[Stored data]
————
(* Let $N\ge2$, $I_1,\dots,I_N,R,M$ be positive integers, $I=I_1\cdots I_N$. For a positive integer $b$ define \[ W_{ub}(b)=I+(N+1)\Big(\prod_{k=1}^N\Big\lceil\frac{I_k}{b}\Big\rceil\Big)bR,\quad W_{lb1}=\frac{NIR}{3^{2-1/N}M^{1-1/N}}-M,\quad W_{lb2}=I+\sum_{k=1}^N I_kR-2M . \] Suppose there are constants $\alpha,\beta,\gamma,\delta,\epsilon>0$ with $\alpha<1$, $\beta<\alpha^{1-1/N}$, $\gamma>1+1/N$, $\delta<1+R\sum_k I_k/I$, $\epsilon<3^{-(2-1/N)}$, such that \[ M\ge\Big(\frac{N\alpha^{1/N}}{1-\alpha}\Big)^{\frac{N}{N-1}},\qquad M\ge\Big(\frac{1}{\alpha^{1/N}-\beta^{1/(N-1)}}\Big)^N, \] \[ M\le\Big(\frac{(\frac{N}{N+1}\gamma)^{1/N}-1}{\alpha^{1/N}}\min_{k}I_k\Big)^N,\quad M\le\tfrac12\Big((1-\delta)I+\sum_k I_kR\Big),\quad M\le\Big(\big(3^{-(2-1/N)}-\epsilon\big)NIR\Big)^{\frac{N}{2N-1}} . \] Let $b=\lfloor(\alpha M)^{1/N}\rfloor$. Then $b\ge1$, $b^N+Nb\le M$, and \[ W_{ub}(b)\le\frac{\gamma}{\beta}\Big(I+\frac{NIR}{M^{1-1/N}}\Big)\le \frac{2\gamma}{\beta\min(\delta,\epsilon)}\max(W_{lb1},W_{lb2}), \] with $\max(W_{lb1},W_{lb2})>0$.
   Context: $W_{ub}(b)$ is the communication cost of the blocked sequential MTTKRP algorithm with block size $b$ (valid when $b^N+Nb\le M$), while $W_{lb1}$ and $W_{lb2}$ are lower bounds on the loads and stores of any sequential MTTKRP algorithm with fast memory size $M$; the claim is a statement purely about these quantities. *)

From Stdlib Require Import Reals Lra Lia List.
Import ListNotations.
Open Scope R_scope.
————
WORK INSTRUCTIONS: Pick out every line above that holds the word "Import" and copy it.

WRITTEN REPLY:
From Stdlib Require Import Reals Lra Lia List.
Import ListNotations.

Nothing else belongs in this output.